Houston, we have a problem
I needed an app to be able to report financial stuff to Germany management, so the developers wrote me one, but then they released it. For good. So I had to improve it and debug it, and all that comes with that.
And so it goes
So I've started to examine the code in Visual Studio, and since MSDN had great tutorials, during 2 years I've made many modules to my little app. Some of these were an inventory app, that registered all the furniture and equipment in the office, generated inventory ID's, printed the beautiful labels, only it didn't stick them on.
The next steps, more problems to solve
I've also implemented a tool for the employees, to manage their benefits. Now back then this was very tricky and very important.
What we need - the importance
The race among companies for developers is on, sometimes it's not the money that's matter the most. With us it was the benefits.
Why do we need it - the tricky bit
We have offered a large amount that the employees could spread. Say you have 10,000 as benefits, that you can use for food vouchers (if any of you remember Sodexo, it was a company that offered food vouchers), there was the life insurance, the medical annual membership (which was an annual, one time fee), and pension.
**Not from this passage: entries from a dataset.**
Lemma Rbar_le_mult_geodist A x y (X : Rbar) C : 0 < C ->
  (forall g L, curve_in A x y g -> curve_length g = Finite L -> Rbar_le X (Finite (C * L))) ->
  Rbar_le X (Rbar_mult (Finite C) (geodist A x y)).
Proof.
  intros HC H. pose proof (geodist_ge_0 A x y) as H0.
  destruct (geodist A x y) as [a| |] eqn:E; simpl in H0 |- *; try contradiction.
  - apply Rbar_le_of_le_add_eps. intros e He.
    destruct (geodist_approx A x y a (e / C) E) as (g & L & Hc & HL & HLt).
    apply Rdiv_lt_0_compat; auto.
    eapply Rbar_le_trans. apply (H g L Hc HL). simpl.
    apply Rmult_lt_compat_l with (r := C) in HLt; auto.
    rewrite Rmult_plus_distr_l in HLt. unfold Rdiv in HLt.
    rewrite <- Rmult_assoc, (Rmult_comm C e), Rmult_assoc, Rinv_r, Rmult_1_r in HLt; lra.
  - destruct (Rle_dec 0 C) as [H1|]; [destruct (Rle_lt_or_eq_dec 0 C H1)|]; try lra.
    destruct X; simpl; auto.
Qed.

Definition grid_index (s t : R) : nat :=
  if Rlt_dec t s then 0 else if Rlt_dec t (2 * s) then 1 else if Rlt_dec t (3 * s) then 2 else 3.

Lemma grid_index_lt s t : (grid_index s t < 4)%nat.
Proof. unfold grid_index. repeat destruct Rlt_dec; lia. Qed.

Lemma grid_index_eq s t t' : 0 < s -> 0 <= t <= 3 * s -> 0 <= t' <= 3 * s ->
  grid_index s t = grid_index s t' -> Rabs (t - t') < s.
Proof.
  intros Hs Ht Ht' E. unfold grid_index in E.
  apply Rabs_def1; repeat destruct Rlt_dec; try discriminate; lra.
Qed.

(* Points of a 3s x 3s box that are pairwise s-apart in some coordinate fall into distinct
   cells of a 4 x 4 grid. *)
Lemma separated_in_box_length_le_16 {A : Type} (l : list A) (p : A -> pt) x0 y0 s :
  0 < s -> NoDup l ->
  (forall a, In a l -> x0 <= fst (p a) <= x0 + 3 * s /\ y0 <= snd (p a) <= y0 + 3 * s) ->
  (forall a b, In a l -> In b l -> a <> b ->
     s <= Rabs (fst (p a) - fst (p b)) \/ s <= Rabs (snd (p a) - snd (p b))) ->
  (length l <= 16)%nat.
Proof.
  intros Hs Hnd Hbox Hsep.
  set (gx a := grid_index s (fst (p a) - x0)). set (gy a := grid_index s (snd (p a) - y0)).
  set (f a := (4 * gx a + gy a)%nat).
  assert (Hnd' : NoDup (map f l)).
  { apply NoDup_map_NoDup_ForallPairs; auto.
    intros a b Ha Hb Ef. apply NNPP. intros Hne.
    pose proof (grid_index_lt s (fst (p a) - x0)). pose proof (grid_index_lt s (snd (p a) - y0)).
    pose proof (grid_index_lt s (fst (p b) - x0)). pose proof (grid_index_lt s (snd (p b) - y0)).
    assert (Ex : gx a = gx b) by (unfold f, gx, gy in *; lia).
    assert (Ey : gy a = gy b) by (unfold f, gx, gy in *; lia).
    pose proof (Hbox a Ha). pose proof (Hbox b Hb).
    apply grid_index_eq in Ex; [|lra|lra|lra]. apply grid_index_eq in Ey; [|lra|lra|lra].
    replace (fst (p a) - x0 - (fst (p b) - x0)) with (fst (p a) - fst (p b)) in Ex by ring.
    replace (snd (p a) - y0 - (snd (p b) - y0)) with (snd (p a) - snd (p b)) in Ey by ring.
    destruct (Hsep a b Ha Hb Hne); lra. }
  rewrite <- (length_map f l). change 16%nat with (length (seq 0 16)).
  apply NoDup_incl_length; auto.
  intros n Hn. apply in_map_iff in Hn. destruct Hn as (a & <- & _). apply in_seq.
  unfold f, gx, gy. pose proof (grid_index_lt s (fst (p a) - x0)).
  pose proof (grid_index_lt s (snd (p a) - y0)). lia.
Qed.

Lemma finite_min_pos {A : Type} (P : A -> R -> Prop) (l : list A) :
  (forall a e e', 0 < e' <= e -> P a e -> P a e') ->
  (forall a, In a l -> exists e, 0 < e /\ P a e) ->
  exists e, 0 < e /\ forall a, In a l -> P a e.
Proof.
  intros Hmono. induction l as [|a l IH]; intros H.
  - exists 1. split. lra. intros a [].
  - destruct (H a (or_introl eq_refl)) as (e1 & He1 & Ha).
    destruct IH as (e2 & He2 & Hl). intros; apply H; right; auto.
    exists (Rmin e1 e2). pose proof (Rmin_glb_lt _ _ _ He1 He2).
    pose proof (Rmin_l e1 e2). pose proof (Rmin_r e1 e2).
    split; auto. intros b [<-|Hb]; [apply (Hmono a e1)|apply (Hmono b e2)]; auto; lra.
Qed.

Lemma bounded_choice_nat (N : nat) (Q : nat -> nat -> Prop) :
  (forall j, (j < N)%nat -> exists h, Q j h) ->
  exists H, forall j, (j < N)%nat -> exists h, (h <= H)%nat /\ Q j h.
Proof.
  induction N as [|N IH]; intros HQ.
  - exists O. intros; lia.
  - destruct IH as [H1 HH1]. intros; apply HQ; lia.
    destruct (HQ N ltac:(lia)) as [h2 Hh2].
    exists (max H1 h2). intros j Hj. destruct (Nat.eq_dec j N) as [->|Hne].
    + exists h2. split; auto. lia.
    + destruct (HH1 j ltac:(lia)) as (h & ? & ?). exists h. split; auto. lia.
Qed.

Lemma eventually_forall_lt (N : nat) (P : nat -> nat -> Prop) :
  (forall i, (i < N)%nat -> eventually (P i)) -> eventually (fun n => forall i, (i < N)%nat -> P i n).
Proof.
  induction N as [|N IH]; intros H.
  - exists O. intros; lia.
  - destruct (IH ltac:(intros; apply H; lia)) as [n1 H1].
    destruct (H N ltac:(lia)) as [n2 H2].
    exists (max n1 n2). intros n Hn i Hi. destruct (Nat.eq_dec i N) as [->|Hne].
    + apply H2. lia.
    + apply H1; lia.
Qed.

Lemma pt_conv_const p : pt_conv (fun _ => p) p.
Proof. intros e He. exists O. intros. rewrite dist2_diag. exact He. Qed.

Lemma LimSup_le_eventually (u : nat -> R) B : eventually (fun n => u n <= B) ->
  Rbar_le (LimSup_seq u) (Finite B).
Proof. intros H. rewrite <- (LimSup_seq_const B). apply LimSup_le. exact H. Qed.

Lemma eventually_and (P Q : nat -> Prop) :
  eventually P -> eventually Q -> eventually (fun n => P n /\ Q n).
Proof. apply filter_and. Qed.

(** * Words and the cells they address *)

Fixpoint Psi_word (k : nat) (c : nat -> pt) (w : list nat) (z : pt) : pt :=
  match w with nil => z | i :: w' => Psi k (c i) (Psi_word k c w' z) end.

Definition cell_size (k m : nat) : R := (/ INR k) ^ m.

Fixpoint words (N m : nat) : list (list nat) :=
  match m with
  | O => nil :: nil
  | S m' => flat_map (fun i => map (cons i) (words N m')) (seq 0 N)
  end.

Lemma in_words N m w : In w (words N m) <-> length w = m /\ List.Forall (fun i => (i < N)%nat) w.
Proof.
  revert w. induction m as [|m IH]; intros w; simpl.
  - split. intros [<-|[]]. auto. intros [Hl _]. destruct w; simpl in Hl; auto; lia.
  - rewrite in_flat_map. split.
    + intros (i & Hi & Hw). apply in_map_iff in Hw. destruct Hw as (w' & <- & Hw').
      apply IH in Hw'. apply in_seq in Hi. destruct Hw'. simpl. split; auto. constructor; auto. lia.
    + intros [Hl Hok]. destruct w as [|i w']. simpl in Hl; lia.
      inversion Hok; subst. exists i. split. apply in_seq. lia.
      apply in_map. apply IH. simpl in Hl. auto.
Qed.

Section CellSize.
Variable k : nat.
Hypothesis Hk : (2 <= k)%nat.

Let INR_k_ge_2 : 2 <= INR k.
Proof. replace 2 with (INR 2) by (simpl; lra). apply le_INR, Hk. Qed.

Lemma cell_size_pos m : 0 < cell_size k m.
Proof. apply pow_lt, Rinv_0_lt_compat. lra. Qed.

Lemma cell_size_S m : cell_size k (S m) = cell_size k m / INR k.
Proof. unfold cell_size, Rdiv. simpl. ring. Qed.

Lemma cell_size_le_1 m : cell_size k m <= 1.
Proof.
  induction m as [|m IH]. unfold cell_size; simpl; lra.
  rewrite cell_size_S. apply Rcomplements.Rle_div_l; lra.
Qed.

Lemma cell_size_small e : 0 < e -> exists m, cell_size k m < e.
Proof.
  intros He. destruct (pow_lt_1_zero (/ INR k)) with (y := e) as [M HM]; auto.
  - rewrite Rabs_right by (left; apply Rinv_0_lt_compat; lra).
    apply (Rmult_lt_reg_l (INR k)); [lra|]. rewrite Rinv_r; lra.
  - exists M. specialize (HM M (le_n _)).
    rewrite Rabs_right in HM; [exact HM|]. left; apply cell_size_pos.
Qed.

Lemma cell_size_level L : 0 < L -> L <= 1 ->
  exists m, cell_size k (S m) < L /\ L <= cell_size k m.
Proof.
  intros HL HL1. destruct (cell_size_small L HL) as [M HM].
  induction M as [|M IH]. unfold cell_size in HM; simpl in HM; lra.
  destruct (Rlt_dec (cell_size k M) L) as [Hl|Hl]. apply IH; auto.
  exists M. split; auto. lra.
Qed.

Lemma Psi_word_affine c w z : Psi_word k c w z =
  (fst (Psi_word k c w (0, 0)) + cell_size k (length w) * fst z,
   snd (Psi_word k c w (0, 0)) + cell_size k (length w) * snd z).
Proof.
  induction w as [|i w IH]; simpl.
  - unfold cell_size. destruct z. simpl. f_equal; ring.
  - rewrite IH. unfold Psi. cbn [fst snd]. rewrite cell_size_S. f_equal; field; lra.
Qed.

Lemma dist2_Psi_word c w p q :
  dist2 (Psi_word k c w p) (Psi_word k c w q) = cell_size k (length w) * dist2 p q.
Proof.
  induction w as [|i w IH]; simpl.
  - unfold cell_size; simpl; ring.
  - rewrite dist2_Psi, IH, cell_size_S by lia. unfold Rdiv. ring.
Qed.

End CellSize.

(** * Geometry of an unconstrained Sierpinski carpet *)

Definition square_boundary (p : pt) : Prop :=
  unit_square p /\ (fst p = 0 \/ fst p = 1 \/ snd p = 0 \/ snd p = 1).

Lemma unit_square_origin : unit_square (0, 0).
Proof. unfold unit_square; simpl; lra. Qed.

Lemma square_boundary_origin : square_boundary (0, 0).
Proof. split. apply unit_square_origin. simpl; auto. Qed.

Section Carpet.
Variables (k N : nat) (c : nat -> pt) (K : pt -> Prop).
Hypothesis HU : is_USC k N c K.

Lemma USC_k_ge_3 : (3 <= k)%nat.
Proof. apply HU. Qed.

Let Hk : (2 <= k)%nat.
Proof. pose proof USC_k_ge_3. lia. Qed.

Lemma INR_k_ge_3 : 3 <= INR k.
Proof. replace 3 with (INR 3) by (simpl; lra). apply le_INR, USC_k_ge_3. Qed.

Let Hk3 := INR_k_ge_3.

Lemma USC_cells_meet i j : (i < N)%nat -> (j < N)%nat -> i <> j ->
  seg_point_or_empty (fun p => cell k c i p /\ cell k c j p).
Proof. apply HU. Qed.

Lemma USC_connected : connected2 (first_level k N c).
Proof. apply HU. Qed.

Lemma USC_D4 g p : In g D4 -> first_level k N c p -> first_level k N c (g p).
Proof.
  intros Hg Hp. destruct HU as (_ & _ & _ & _ & _ & HD4 & _). apply (HD4 g Hg). exists p. auto.
Qed.

Lemma USC_bottom_edge x : 0 <= x <= 1 -> first_level k N c (x, 0).
Proof. apply HU. Qed.

Lemma USC_first_level_square p : first_level k N c p -> unit_square p.
Proof. apply HU. Qed.

Lemma USC_nonempty : exists p, K p.
Proof. apply HU. Qed.

Lemma USC_closed : closed2 K.
Proof. apply HU. Qed.

Lemma USC_bounded : bounded2 K.
Proof. apply HU. Qed.

Lemma USC_Psi_K i z : (i < N)%nat -> K z -> K (Psi k (c i) z).
Proof.
  intros Hi Hz. destruct HU as (_ & _ & _ & _ & _ & _ & _ & _ & _ & _ & _ & HK).
  apply HK. exists i. split; auto. exists z. auto.
Qed.

Lemma USC_K_Psi p : K p -> exists i z, (i < N)%nat /\ K z /\ p = Psi k (c i) z.
Proof.
  intros Hp. destruct HU as (_ & _ & _ & _ & _ & _ & _ & _ & _ & _ & _ & HK).
  apply HK in Hp. destruct Hp as (i & Hi & z & Hz & ->). eauto.
Qed.

Lemma cell_unit_square i u : (i < N)%nat -> unit_square u -> unit_square (Psi k (c i) u).
Proof. intros Hi Hu. apply USC_first_level_square. exists i. split; auto. exists u. auto. Qed.

Lemma offset_bounds i : (i < N)%nat ->
  0 <= fst (c i) /\ fst (c i) + / INR k <= 1 /\ 0 <= snd (c i) /\ snd (c i) + / INR k <= 1.
Proof.
  intros Hi.
  assert (H0 := cell_unit_square i (0, 0) Hi unit_square_origin).
  assert (H1 := cell_unit_square i (1, 1) Hi ltac:(unfold unit_square; simpl; lra)).
  unfold unit_square, Psi, Rdiv in *; simpl in *.
  rewrite Rmult_0_l, Rplus_0_l in H0. rewrite Rmult_1_l in H1. lra.
Qed.

Lemma Psi_word_K w z : List.Forall (fun i => (i < N)%nat) w -> K z -> K (Psi_word k c w z).
Proof. intros Hw Hz. induction Hw; simpl; auto. apply USC_Psi_K; auto. Qed.

Lemma Psi_word_unit_square w z : List.Forall (fun i => (i < N)%nat) w -> unit_square z ->
  unit_square (Psi_word k c w z).
Proof. intros Hw Hz. induction Hw; simpl; auto. apply cell_unit_square; auto. Qed.

Lemma K_level_decomp m p : K p ->
  exists w z, In w (words N m) /\ K z /\ p = Psi_word k c w z.
Proof.
  revert p. induction m as [|m IH]; intros p Hp.
  - exists nil, p. simpl. auto.
  - destruct (USC_K_Psi p Hp) as (i & z & Hi & Hz & ->).
    destruct (IH z Hz) as (w & z' & Hw & Hz' & ->).
    exists (i :: w), z'. split; auto. apply in_words in Hw. apply in_words.
    simpl. destruct Hw. auto.
Qed.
All of these had their recurrence, (annual, quarterly, monthly) which made it more complicated.
How - the solution
Now manually it would have taken ages to count all the variations of the given sum, and also I've got a gross amount from the company, so I had to calculate the tax as well as to show the employee, what they get.
This I've solved with a form full of tickboxes, dropdowns, sliders and whatnot. The app had a tickbox for medical (one time fee), sliders, where the steps have been predicted by the ticket vendor, dropdowns with minimum and maximum set, so no bad data could be input. And it showed the full detailed list for the user, what they get and when they get it, for me it showed what do I need to order, or book, and for the payroll it showed the taxes and invoices, with their payment statuses. Decent problem to solve with no university degree.
I wish I had a copy of the screenshot, to show you, it was amazing. :)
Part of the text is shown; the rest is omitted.